(* A quasi-orthomodular nearsemilattice $(A,\vee,\perp,0)$ is distributive if and only if it has the Riesz decomposition property.
   Context: A nearsemilattice is a poset $A$ with least element $0$ in which any two elements having a common upper bound have a join $x \vee y$ (a partial operation). It is distributive if whenever $y \vee z$ exists and $x \le y \vee z$, then $x = y' \vee z'$ for some $y' \le y$ and $z' \le z$. An orthogonality on $A$ is a binary relation $\perp$ with: $x \perp y$ implies $y \perp x$; $x \le y$ and $y \perp z$ imply $x \perp z$; $x \perp 0$ for all $x$. A quasi-orthomodular nearsemilattice is a nearsemilattice with an orthogonality such that: (a) if $x \perp y$ then $x \vee y$ exists; (b) if $x \le y$ then $y = x \vee z$ for some $z$ with $x \perp z$; (c) if $x \perp y$, $x \perp z$ and $y \le x \vee z$, then $y \le z$. Define the partial operation $x \oplus y := x \vee y$, defined exactly when $x \perp y$. The Riesz decomposition property: if $y \perp z$ and $x \le y \oplus z$, then $x = y' \oplus z'$ for some $y' \le y$ and $z' \le z$. *)

Set Implicit Arguments.

Section Defs.
Variable A : Type.
Variable le : A -> A -> Prop.
Variable zero : A.
Variable orth : A -> A -> Prop.

Definition is_join (x y j : A) : Prop :=
  le x j /\ le y j /\ (forall u, le x u -> le y u -> le j u).

Definition nearsemilattice : Prop :=
  (forall x, le x x) /\
  (forall x y, le x y -> le y x -> x = y) /\
  (forall x y z, le x y -> le y z -> le x z) /\
  (forall x, le zero x) /\
  (forall x y u, le x u -> le y u -> exists j, is_join x y j).

Definition distributive : Prop :=
  forall x y z j, is_join y z j -> le x j ->
    exists y' z', le y' y /\ le z' z /\ is_join y' z' x.

Definition orthogonality : Prop :=
  (forall x y, orth x y -> orth y x) /\
  (forall x y z, le x y -> orth y z -> orth x z) /\
  (forall x, orth x zero).

Definition quasi_orthomodular_nearsemilattice : Prop :=
  nearsemilattice /\ orthogonality /\
  (* (a) *) (forall x y, orth x y -> exists j, is_join x y j) /\
  (* (b) *) (forall x y, le x y -> exists z, orth x z /\ is_join x z y) /\
  (* (c) *) (forall x y z j, orth x y -> orth x z -> is_join x z j ->
              le y j -> le y z).

(* partial operation x (+) y := x \/ y, defined exactly when x _|_ y *)
Definition is_osum (x y s : A) : Prop := orth x y /\ is_join x y s.

Definition riesz_decomposition : Prop :=
  forall x y z s, is_osum y z s -> le x s ->
    exists y' z', le y' y /\ le z' z /\ is_osum y' z' x.
End Defs.


Set Implicit Arguments.

(* Distributivity gives Riesz decomposition at once, since orthogonality is
   inherited by smaller elements.  Conversely, let j be the join of y and z
   and x <= j.  Axiom (b) writes j = y (+) w; Riesz decomposition of z <= j
   gives z = y1 (+) w1 with y1 <= y and w1 <= w, and then j = y (+) w1.
   A second Riesz decomposition of x <= y (+) w1 gives x = y' (+) z' with
   z' <= w1 <= z. *)

Section QuasiOrthomodular.
Variable A : Type.
Variable le : A -> A -> Prop.
Variable orth : A -> A -> Prop.

Hypothesis le_trans : forall x y z, le x y -> le y z -> le x z.
Hypothesis orth_sym : forall x y, orth x y -> orth y x.
Hypothesis orth_le : forall x y z, le x y -> orth y z -> orth x z.

Lemma orth_antitone y y' z z' :
  le y' y -> le z' z -> orth y z -> orth y' z'.
Proof.
intros Hy Hz Hyz.
apply orth_sym, (orth_le Hz), orth_sym, (orth_le Hy), Hyz.
Qed.

Lemma distributive_riesz : distributive le -> riesz_decomposition le orth.
Proof.
intros D x y z s [Hyz Hs] Hxs.
destruct (D x y z s Hs Hxs) as [y' [z' [Hy' [Hz' Hx]]]].
exists y', z'.
exact (conj Hy' (conj Hz' (conj (orth_antitone Hy' Hz' Hyz) Hx))).
Qed.

Lemma is_join_absorb_r y z j y1 w1 :
  is_join le y z j -> is_join le y1 w1 z -> le y1 y -> is_join le y w1 j.
Proof.
intros [Hyj [Hzj Hj]] [Hy1z [Hw1z Hz]] Hy1y.
repeat split; auto.
- now apply (le_trans Hw1z).
- intros u Hyu Hw1u. apply Hj; auto.
  apply Hz; auto. now apply (le_trans Hy1y).
Qed.

Hypothesis orth_complement_in :
  forall x y, le x y -> exists z, orth x z /\ is_join le x z y.

Lemma riesz_distributive : riesz_decomposition le orth -> distributive le.
Proof.
intros R x y z j Hj Hxj.
destruct (orth_complement_in (proj1 Hj)) as [w [Hyw Hywj]].
destruct (R z y w j (conj Hyw Hywj) (proj1 (proj2 Hj)))
  as [y1 [w1 [Hy1y [Hw1w [_ Hz]]]]].
assert (Hyw1j : is_osum le orth y w1 j).
{ split.
  - apply orth_sym, (orth_le Hw1w), orth_sym, Hyw.
  - exact (is_join_absorb_r Hj Hz Hy1y). }
destruct (R x y w1 j Hyw1j Hxj) as [y' [z' [Hy' [Hz' [_ Hx]]]]].
exists y', z'.
exact (conj Hy' (conj (le_trans Hz' (proj1 (proj2 Hz))) Hx)).
Qed.

End QuasiOrthomodular.

Theorem theorem4 (A : Type) (le : A -> A -> Prop) (zero : A)
  (orth : A -> A -> Prop) :
  quasi_orthomodular_nearsemilattice le zero orth ->
  (distributive le <-> riesz_decomposition le orth).
Proof.
intros [[_ [_ [Htrans _]]] [[Hsym [Hdown _]] [_ [Hb _]]]].
split.
- apply distributive_riesz; assumption.
- apply riesz_distributive; assumption.
Qed.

◆ ◆ ◆ ◆ ◆ ◆ ◆

» What the task requires: For every line above that holds the word "then", report the whole line.

» Written response:
   Context: A nearsemilattice is a poset $A$ with least element $0$ in which any two elements having a common upper bound have a join $x \vee y$ (a partial operation). It is distributive if whenever $y \vee z$ exists and $x \le y \vee z$, then $x = y' \vee z'$ for some $y' \le y$ and $z' \le z$. An orthogonality on $A$ is a binary relation $\perp$ with: $x \perp y$ implies $y \perp x$; $x \le y$ and $y \perp z$ imply $x \perp z$; $x \perp 0$ for all $x$. A quasi-orthomodular nearsemilattice is a nearsemilattice with an orthogonality such that: (a) if $x \perp y$ then $x \vee y$ exists; (b) if $x \le y$ then $y = x \vee z$ for some $z$ with $x \perp z$; (c) if $x \perp y$, $x \perp z$ and $y \le x \vee z$, then $y \le z$. Define the partial operation $x \oplus y := x \vee y$, defined exactly when $x \perp y$. The Riesz decomposition property: if $y \perp z$ and $x \le y \oplus z$, then $x = y' \oplus z'$ for some $y' \le y$ and $z' \le z$. *)
   gives z = y1 (+) w1 with y1 <= y and w1 <= w, and then j = y (+) w1.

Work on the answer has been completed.